(* Let $\varphi_{-2,1}(\tau,z)=\vartheta_1(\tau,z)^2/\eta(\tau)^6$, and write its Fourier expansion as $\varphi_{-2,1}(\tau,z)=\sum_{n,r\in\mathbb{Z}} C_{-2}(4n-r^2)\,q^n\zeta^r$ (the coefficient depends only on $4n-r^2$). Then for every integer $\Delta\ge -1$ with $\Delta\equiv 0$ or $3 \pmod 4$ one has $(-1)^{\Delta+1}C_{-2}(\Delta)>0$.
   Context: $\tau$ is in the upper half-plane, $z\in\mathbb{C}$, $q=e^{2\pi i\tau}$, $\zeta=e^{2\pi i z}$. $\vartheta_1(\tau,z)=\sum_{n\in\mathbb{Z}}(-1)^n q^{\frac12(n-\frac12)^2}\zeta^{n-\frac12}$ and $\eta(\tau)=q^{1/24}\prod_{n\ge1}(1-q^n)$. The function $\varphi_{-2,1}$ is a weak Jacobi form of weight $-2$ and index $1$, so its coefficient of $q^n\zeta^r$ depends only on the discriminant $\Delta=4n-r^2$, which is $\equiv 0,3 \pmod 4$ and $\ge -1$ for nonzero coefficients. *)

(* Formal Fourier expansions in the variables
   Q = q^(1/24) (exponent a : nat) and Z = zeta^(1/2) (exponent b : int),
   so that theta_1, eta and theta_1^2/eta^6 all have integral exponents. *)
From mathcomp Require Import all_boot all_order all_algebra.
Set Implicit Arguments. Unset Strict Implicit. Unset Printing Implicit Defensive.
Import Order.TTheory GRing.Theory Num.Theory.
Local Open Scope ring_scope.

(* Coefficient of Q^a Z^b in theta_1(tau,z) = sum_n (-1)^n q^((n-1/2)^2/2) zeta^(n-1/2).
   With b = 2n-1 (odd) the q-exponent is b^2/8, i.e. Q-exponent 3 b^2, and
   the sign is (-1)^n with n = (b+1)/2. *)
Definition theta1_coef (a : nat) (b : int) : int :=
  if odd `|b|%N && (a == 3 * `|b| ^ 2)%N
  then (-1) ^+ `|((b + 1) %/ 2)%Z|%N else 0.

(* Coefficient of Q^a Z^b in theta_1^2 (Cauchy product; only |b1| <= a can
   contribute since theta1_coef a1 b1 = 0 unless a1 = 3 b1^2). *)
Definition theta1_sq_coef (a : nat) (b : int) : int :=
  \sum_(a1 < a.+1) \sum_(i < (2 * a).+1)
     theta1_coef a1 (i%:Z - a%:Z) * theta1_coef (a - a1)%N (b - (i%:Z - a%:Z)).

(* Coefficient of Q^j in eta^6 = (Q * prod_(k>=1) (1 - Q^(24k)))^6; the factors
   with k > j do not affect the coefficient of Q^j. *)
Definition eta6_coef (j : nat) : int :=
  (('X * \prod_(1 <= k < j.+1) (1 - 'X^(24 * k))) ^+ 6 : {poly int})`_j.

From mathcomp Require Import all_boot all_order all_algebra zify ring.
Set Implicit Arguments.
Unset Strict Implicit.
Unset Printing Implicit Defensive.

Import Order.TTheory GRing.Theory Num.Theory.
Local Open Scope ring_scope.

(* Write phi_{-2,1} = q^(-1/4) theta_1^2 / prod (1 - q^k)^6.  The inverse of
   prod (1 - q^k)^6 is prod (1 + q^k + q^2k + ...)^6, whose coefficients are all
   at least 1.  In theta_1^2 the coefficient of zeta^r is a sum over pairs of odd
   b1 + b2 = 2r, each with sign (-1)^((b1+1)/2 + (b2+1)/2) = (-1)^(r+1), and
   (-1)^(r+1) = (-1)^(Delta+1) because r^2 = r mod 2.  Hence (-1)^(Delta+1) C(Delta)
   is a sum of nonnegative terms.  It is positive: b1 = b2 = r (r odd), or
   b1 = r + 1, b2 = r - 1 (r even), gives a term of theta_1^2 at
   q^((b1^2 + b2^2)/8) = q^(n - k + 1/4) with 0 <= k <= n, which meets q^k
   in the inverted product. *)

Section TruncatedEquality.
Context {R : nzRingType}.
Implicit Types p q : {poly R}.

Definition trunc_eq (m : nat) p q := forall i, (i < m)%N -> p`_i = q`_i.

Lemma trunc_eq_refl m p : trunc_eq m p p.
Proof. by []. Qed.

Lemma trunc_eqM m p p' q q' :
  trunc_eq m p p' -> trunc_eq m q q' -> trunc_eq m (p * q) (p' * q').
Proof.
move=> epp' eqq' i lt_im; rewrite !coefM; apply: eq_bigr => -[j /= lt_ji] _.
by rewrite epp' ?eqq' //; lia.
Qed.

Lemma trunc_eqX m p q k : trunc_eq m p q -> trunc_eq m (p ^+ k) (q ^+ k).
Proof.
by move=> epq; elim: k => [|k IHk] //; rewrite !exprS; apply: trunc_eqM.
Qed.

Lemma trunc_eq_prod1 m a b (F : nat -> {poly R}) :
  (forall k, (a <= k < b)%N -> trunc_eq m (F k) 1) ->
  trunc_eq m (\prod_(a <= k < b) F k) 1.
Proof.
move=> eF1; rewrite big_seq; apply: (big_ind (fun p => trunc_eq m p 1)) => //.
- by move=> p q ep eq; rewrite -(mulr1 1); apply: trunc_eqM.
- by move=> k; rewrite mem_index_iota; apply: eF1.
Qed.

Lemma trunc_eq_1subXn m d : (m <= d)%N -> trunc_eq m (1 - 'X^d) 1.
Proof.
move=> le_md i lt_im; rewrite coefB coefXn.
have -> : (i == d) = false by apply/negbTE/eqP; lia.
by rewrite subr0.
Qed.

End TruncatedEquality.

Section GeometricPoly.
Context {R : nzRingType}.

Definition geom_poly (d K : nat) : {poly R} := \sum_(i < K) 'X^(d * i).

Lemma mul_1subXn_geom_poly d K : (1 - 'X^d) * geom_poly d K = 1 - 'X^(d * K).
Proof.
rewrite /geom_poly [in RHS]exprM -[in RHS](opprB _ 1) subrX1 -mulNr opprB.
congr (_ * _).
by apply: eq_bigr => i _; rewrite exprM.
Qed.

Lemma coef0_geom_poly d K : (0 < d)%N -> (0 < K)%N -> (geom_poly d K)`_0 = 1.
Proof.
move=> d_gt0; case: K => // K _; rewrite coef_sum big_ord_recl /= coefXn muln0.
by rewrite big1 ?addr0 // => i _; rewrite coefXn /bump /=; case: eqP => //; lia.
Qed.

Lemma coef0_prod_geom_poly (s : seq nat) (D : nat -> nat) K :
  (0 < K)%N -> (forall k, k \in s -> 0 < D k)%N ->
  (\prod_(k <- s) geom_poly (D k) K)`_0 = 1.
Proof.
move=> K_gt0 D_gt0; rewrite coef0_prod big1_seq // => k /andP[_ s_k].
exact: coef0_geom_poly (D_gt0 k s_k) K_gt0.
Qed.

End GeometricPoly.

Section NonnegCoefs.
Context {R : numDomainType}.
Implicit Types p q : {poly R}.

Definition nonneg_coefs p := forall i, 0 <= p`_i.

Lemma ler_sum_term (I : finType) (F : I -> R) i0 :
  (forall i, 0 <= F i) -> F i0 <= \sum_i F i.
Proof. by move=> F_ge0; rewrite (bigD1 i0) //= lerDl sumr_ge0. Qed.
Arguments ler_sum_term {I F}.

Lemma nonneg_coefs1 : nonneg_coefs 1.
Proof. by move=> i; rewrite coef1; case: (i == 0)%N. Qed.

Lemma nonneg_coefsM p q :
  nonneg_coefs p -> nonneg_coefs q -> nonneg_coefs (p * q).
Proof.
by move=> p_ge0 q_ge0 i; rewrite coefM sumr_ge0 // => j _; rewrite mulr_ge0.
Qed.

Lemma nonneg_coefsX p k : nonneg_coefs p -> nonneg_coefs (p ^+ k).
Proof.
move=> p_ge0; elim: k => [|k IHk]; first exact: nonneg_coefs1.
by rewrite exprS; apply: nonneg_coefsM.
Qed.

Lemma nonneg_coefs_prod a b (F : nat -> {poly R}) :
  (forall k, (a <= k < b)%N -> nonneg_coefs (F k)) ->
  nonneg_coefs (\prod_(a <= k < b) F k).
Proof.
move=> F_ge0; rewrite big_seq; apply: big_ind.
- exact: nonneg_coefs1.
- exact: nonneg_coefsM.
- by move=> k; rewrite mem_index_iota; apply: F_ge0.
Qed.

Lemma coefM_ge p q i j : nonneg_coefs p -> nonneg_coefs q ->
  p`_i * q`_j <= (p * q)`_(i + j).
Proof.
move=> p_ge0 q_ge0; rewrite coefM.
have lt_i : (i < (i + j).+1)%N by lia.
apply: le_trans (ler_sum_term (Ordinal lt_i) _) => [|k]; first by rewrite addKn.
exact: mulr_ge0.
Qed.

Lemma nonneg_geom_poly d K : nonneg_coefs (geom_poly d K : {poly R}).
Proof.
by move=> i; rewrite coef_sum sumr_ge0 // => k _; rewrite coefXn; case: (_ == _).
Qed.

Lemma coef_geom_poly_ge1 d K k : (k < K)%N -> 1 <= (geom_poly d K : {poly R})`_(d * k).
Proof.
move=> lt_kK; rewrite coef_sum.
apply: le_trans (ler_sum_term (Ordinal lt_kK) _) => [|i]; first by rewrite coefXn eqxx.
by rewrite coefXn; case: (_ == _).
Qed.

End NonnegCoefs.

Definition eta_prod (K : nat) : {poly int} := \prod_(1 <= k < K) (1 - 'X^(24 * k)).

Definition eta_prod_inv (K : nat) : {poly int} :=
  \prod_(1 <= k < K) geom_poly (24 * k) K.

Lemma eta_prod_trunc j K : (j < K)%N -> trunc_eq j.+1 (eta_prod K) (eta_prod j.+1).
Proof.
move=> lt_jK; rewrite /eta_prod (big_cat_nat _ (n := j.+1)) //=.
rewrite -[X in trunc_eq _ _ X]mulr1; apply: trunc_eqM => //.
by apply: trunc_eq_prod1 => k lt_jk; apply: trunc_eq_1subXn; lia.
Qed.

Lemma eta_prod_invP K m : (m <= 24 * K)%N -> trunc_eq m (eta_prod K * eta_prod_inv K) 1.
Proof.
move=> le_mK; rewrite /eta_prod /eta_prod_inv -big_split /=.
apply: trunc_eq_prod1 => k lt_k.
by rewrite mul_1subXn_geom_poly; apply: trunc_eq_1subXn; nia.
Qed.

Lemma nonneg_eta_prod_inv K : nonneg_coefs (eta_prod_inv K).
Proof. by apply: nonneg_coefs_prod => k _; apply: nonneg_geom_poly. Qed.

Lemma coef_eta_prod_inv_ge1 K k : (1 < K)%N -> (k < K)%N ->
  1 <= (eta_prod_inv K)`_(24 * k).
Proof.
move=> K_gt1 lt_kK; rewrite /eta_prod_inv big_ltn // -[(24 * k)%N]addn0.
apply: (le_trans _ (coefM_ge _ _ (nonneg_geom_poly _ _) (nonneg_coefs_prod _))) => [|i _].
  rewrite coef0_prod_geom_poly; [|lia|by move=> i; rewrite mem_index_iota; lia].
  by rewrite mulr1 muln1 coef_geom_poly_ge1.
exact: nonneg_geom_poly.
Qed.

Lemma coef_eta_prod_inv6_ge1 K k : (1 < K)%N -> (k < K)%N ->
  1 <= (eta_prod_inv K ^+ 6)`_(24 * k).
Proof.
move=> K_gt1 lt_kK; have G_ge0 := nonneg_eta_prod_inv K.
rewrite exprS -[(24 * k)%N]addn0.
apply: (le_trans _ (coefM_ge _ _ G_ge0 (nonneg_coefsX 5 G_ge0))).
rewrite -horner_coef0 horner_exp horner_coef0.
rewrite /eta_prod_inv coef0_prod_geom_poly; [|lia|by move=> i; rewrite mem_index_iota; lia].
by rewrite expr1n mulr1 coef_eta_prod_inv_ge1.
Qed.

Lemma eta6_coefE K j : (j < K)%N ->
  eta6_coef j = if (j < 6)%N then 0 else (eta_prod K ^+ 6)`_(j - 6).
Proof.
move=> lt_jK; rewrite /eta6_coef -/(eta_prod j.+1) exprMn coefXnM.
case: ltnP => // le6j; symmetry.
by apply: (trunc_eqX 6 (eta_prod_trunc lt_jK)); lia.
Qed.

Section PhiCoefficients.
Variable phi : nat -> int -> int.
Hypothesis hphi : forall (a : nat) (b : int),
  \sum_(j < a.+1) phi (a - j)%N b * eta6_coef j = theta1_sq_coef a b.

Lemma phi_eta_prod6 K a b : (a + 6 < K)%N ->
  \sum_(j < a.+1) phi (a - j)%N b * (eta_prod K ^+ 6)`_j = theta1_sq_coef (a + 6) b.
Proof.
move=> lt_aK; rewrite -hphi.
have -> : (a + 6).+1 = (6 + a.+1)%N by lia.
rewrite big_split_ord /= [in RHS]big1 ?add0r => [|i _]; last first.
  have lt_i6 := ltn_ord i; rewrite (@eta6_coefE K) /= ?lt_i6 ?mulr0 //; lia.
apply: eq_bigr => -[j /= lt_ja] _.
rewrite (@eta6_coefE K); last by lia.
by rewrite ltnNge leq_addr /= addKn subnDA addnK.
Qed.

Lemma phi_coefE M b :
  phi M b = (\poly_(i < M.+1) theta1_sq_coef (i + 6) b * eta_prod_inv (M + 7) ^+ 6)`_M.
Proof.
set K := (M + 7)%N; set F := \poly_(i < M.+1) phi i b.
set T := \poly_(i < M.+1) theta1_sq_coef (i + 6) b.
have FE : trunc_eq M.+1 (F * eta_prod K ^+ 6) T.
  move=> a lt_aM; rewrite coefMr coef_poly lt_aM -(@phi_eta_prod6 K); last by lia.
  by apply: eq_bigr => -[j /= lt_ja] _; rewrite coef_poly ifT //; lia.
have ED : trunc_eq M.+1 (eta_prod K ^+ 6 * eta_prod_inv K ^+ 6) 1.
  rewrite -exprMn -(expr1n _ 6); apply: trunc_eqX; apply: eta_prod_invP; lia.
have -> : phi M b = (F * (eta_prod K ^+ 6 * eta_prod_inv K ^+ 6))`_M.
  by rewrite (trunc_eqM (@trunc_eq_refl _ _ F) ED) // mulr1 coef_poly ltnSn.
by rewrite mulrA (trunc_eqM FE (@trunc_eq_refl _ _ _)).
Qed.

End PhiCoefficients.

Lemma signr_absD (R : pzRingType) (x y : int) :
  (-1) ^+ `|(x + y)%R|%N = (-1) ^+ `|x|%N * (-1) ^+ `|y|%N :> R.
Proof.
rewrite -!(signr_odd _ `|_|%N) -signr_addb; congr (_ ^+ nat_of_bool _).
by case: (boolP (odd `|x|%N)); case: (boolP (odd `|y|%N)) => /= ? ?; lia.
Qed.

Lemma odd_abs_sqrB (r : int) : odd `|(r ^+ 2 - r)%R|%N = false.
Proof.
have [q [->|->]] : exists q, r = 2 * q \/ r = 2 * q + 1 by exists (r %/ 2)%Z; lia.
- by rewrite (_ : _ - _ = 2 * (2 * q ^+ 2 - q)); [lia | ring].
- by rewrite (_ : _ - _ = 2 * (2 * q ^+ 2 + q)); [lia | ring].
Qed.

Lemma signr_disc (n : nat) (r : int) :
  (-1) ^+ `|(4 * n%:Z - r ^+ 2 + 1)%R|%N = (-1) ^+ `|(r + 1)%R|%N :> int.
Proof.
have := odd_abs_sqrB r; rewrite -!(signr_odd _ `|_|%N) => even_r2r.
by congr (_ ^+ nat_of_bool _); lia.
Qed.

Definition theta1_support (a : nat) (b : int) : bool :=
  odd `|b|%N && (a == 3 * `|b| ^ 2)%N.

Lemma theta1_coef_pair_sign (r : int) a1 a2 b1 b2 : b1 + b2 = 2 * r ->
  (-1) ^+ `|(r + 1)%R|%N * (theta1_coef a1 b1 * theta1_coef a2 b2)
  = (theta1_support a1 b1 && theta1_support a2 b2)%:R.
Proof.
move=> b12; rewrite /theta1_coef /theta1_support.
case: ifP => [/andP[odd_b1 _]|_]; last by rewrite mul0r mulr0.
case: ifP => [/andP[odd_b2 _]|_]; last by rewrite !mulr0.
have -> : ((b1 + 1) %/ 2)%Z = r + 1 - ((b2 + 1) %/ 2)%Z by lia.
by rewrite -signr_absD subrK -[RHS](signrMK `|(r + 1)%R|%N) mulr1.
Qed.

Lemma theta1_sq_coef_signE (r : int) c :
  (-1) ^+ `|(r + 1)%R|%N * theta1_sq_coef c (2 * r)
  = \sum_(a1 < c.+1) \sum_(i < (2 * c).+1)
      (theta1_support a1 (i%:Z - c%:Z)
       && theta1_support (c - a1) (2 * r - (i%:Z - c%:Z)))%:R.
Proof.
rewrite /theta1_sq_coef mulr_sumr; apply: eq_bigr => a1 _.
by rewrite mulr_sumr; apply: eq_bigr => i _; rewrite theta1_coef_pair_sign // addrC subrK.
Qed.

Lemma theta1_sq_coef_sign_ge0 (r : int) c :
  0 <= (-1) ^+ `|(r + 1)%R|%N * theta1_sq_coef c (2 * r).
Proof.
by rewrite theta1_sq_coef_signE; do 2 (apply: sumr_ge0 => ? _); case: (_ && _).
Qed.

Lemma abszX2 (x : int) : (`|x| ^ 2)%N%:Z = x ^+ 2.
Proof. by rewrite -natz natrX natz abszE real_normK ?num_real. Qed.

Lemma theta1_sq_coef_sign_ge1 (r b1 b2 : int) (c : nat) :
  odd `|b1|%N -> odd `|b2|%N -> b1 + b2 = 2 * r -> c%:Z = 3 * b1 ^+ 2 + 3 * b2 ^+ 2 ->
  1 <= (-1) ^+ `|(r + 1)%R|%N * theta1_sq_coef c (2 * r).
Proof.
move=> odd_b1 odd_b2 b12; rewrite -!abszX2 theta1_sq_coef_signE.
have : (`|b1| <= 3 * `|b1| ^ 2)%N by nia.
set A1 := (`|b1| ^ 2)%N; set A2 := (`|b2| ^ 2)%N => le_b1A1 cE.
have lt_a1c : (3 * A1 < c.+1)%N by lia.
have lt_ic : (`|(b1 + c%:Z)%R| < (2 * c).+1)%N by lia.
apply: (le_trans _ (ler_sum_term (Ordinal lt_a1c) _)) => [|a1]; last first.
  by apply: sumr_ge0 => i _; case: (_ && _).
apply: (le_trans _ (ler_sum_term (Ordinal lt_ic) _)) => [|i]; last by case: (_ && _).
rewrite /= /theta1_support.
have -> : `|(b1 + c%:Z)%R|%:Z - c%:Z = b1 by lia.
have -> : 2 * r - b1 = b2 by lia.
have -> : (c - 3 * A1 = 3 * A2)%N by lia.
by rewrite odd_b1 odd_b2 !eqxx.
Qed.

Lemma theta1_sq_coef_witness (n : nat) (r : int) : -1 <= 4 * n%:Z - r ^+ 2 ->
  exists2 k, (k <= n)%N &
    1 <= (-1) ^+ `|(r + 1)%R|%N * theta1_sq_coef (24 * (n - k) + 6) (2 * r).
Proof.
have [q [->|->]] : exists q, r = 2 * q \/ r = 2 * q + 1 by exists (r %/ 2)%Z; lia.
- move=> disc_ge; have r2E : (2 * q) ^+ 2 = 4 * q ^+ 2 by ring.
  have cE : 3 * (2 * q + 1) ^+ 2 + 3 * (2 * q - 1) ^+ 2 = 24 * q ^+ 2 + 6 by ring.
  have q2_ge0 := sqr_ge0 q.
  exists (n - `|q ^+ 2|)%N; first exact: leq_subr.
  rewrite r2E in disc_ge.
  by apply: (@theta1_sq_coef_sign_ge1 _ (2 * q + 1) (2 * q - 1)); rewrite ?cE; lia.
- move=> disc_ge; have r2E : (2 * q + 1) ^+ 2 = 4 * (q ^+ 2 + q) + 1 by ring.
  have cE : 3 * (2 * q + 1) ^+ 2 + 3 * (2 * q + 1) ^+ 2 = 24 * (q ^+ 2 + q) + 6 by ring.
  have qq_ge0 : 0 <= q ^+ 2 + q by nia.
  exists (n - `|(q ^+ 2 + q)%R|)%N; first exact: leq_subr.
  rewrite r2E in disc_ge.
  by apply: (@theta1_sq_coef_sign_ge1 _ (2 * q + 1) (2 * q + 1)); rewrite ?cE; lia.
Qed.

Theorem mainTheorem1 (phi : nat -> int -> int)
  (hphi : forall (a : nat) (b : int),
     \sum_(j < a.+1) phi (a - j)%N b * eta6_coef j = theta1_sq_coef a b) :
  forall (n : nat) (r : int), -1 <= 4 * n%:Z - r ^+ 2 ->
    0 < (-1) ^+ `|(4 * n%:Z - r ^+ 2 + 1)%R|%N * phi (24 * n)%N (2 * r).
Proof.
move=> n r disc_ge; rewrite signr_disc (phi_coefE hphi) -coefZ scalerAl.
have [k le_kn theta_ge1] := theta1_sq_coef_witness disc_ge.
set T := _ *: \poly_(_ < _) _.
have T_ge0 : nonneg_coefs T.
  move=> i; rewrite coefZ coef_poly.
  by case: ifP => _; [exact: theta1_sq_coef_sign_ge0 | rewrite mulr0].
have -> : (24 * n = 24 * (n - k) + 24 * k)%N by lia.
apply: lt_le_trans (coefM_ge _ _ T_ge0 (nonneg_coefsX 6 (nonneg_eta_prod_inv _))).
rewrite coefZ coef_poly ifT; last by lia.
apply: (lt_le_trans ltr01); apply: mulr_ege1 => //.
by apply: coef_eta_prod_inv6_ge1; lia.
Qed.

REQUIRED ACTION: From the listing above, return every line that contains the word "last".

WRITTEN SOLUTION:
rewrite big_split_ord /= [in RHS]big1 ?add0r => [|i _]; last first.
rewrite (@eta6_coefE K); last by lia.
  move=> a lt_aM; rewrite coefMr coef_poly lt_aM -(@phi_eta_prod6 K); last by lia.
case: ifP => [/andP[odd_b1 _]|_]; last by rewrite mul0r mulr0.
case: ifP => [/andP[odd_b2 _]|_]; last by rewrite !mulr0.
apply: (le_trans _ (ler_sum_term (Ordinal lt_a1c) _)) => [|a1]; last first.
apply: (le_trans _ (ler_sum_term (Ordinal lt_ic) _)) => [|i]; last by case: (_ && _).
rewrite coefZ coef_poly ifT; last by lia.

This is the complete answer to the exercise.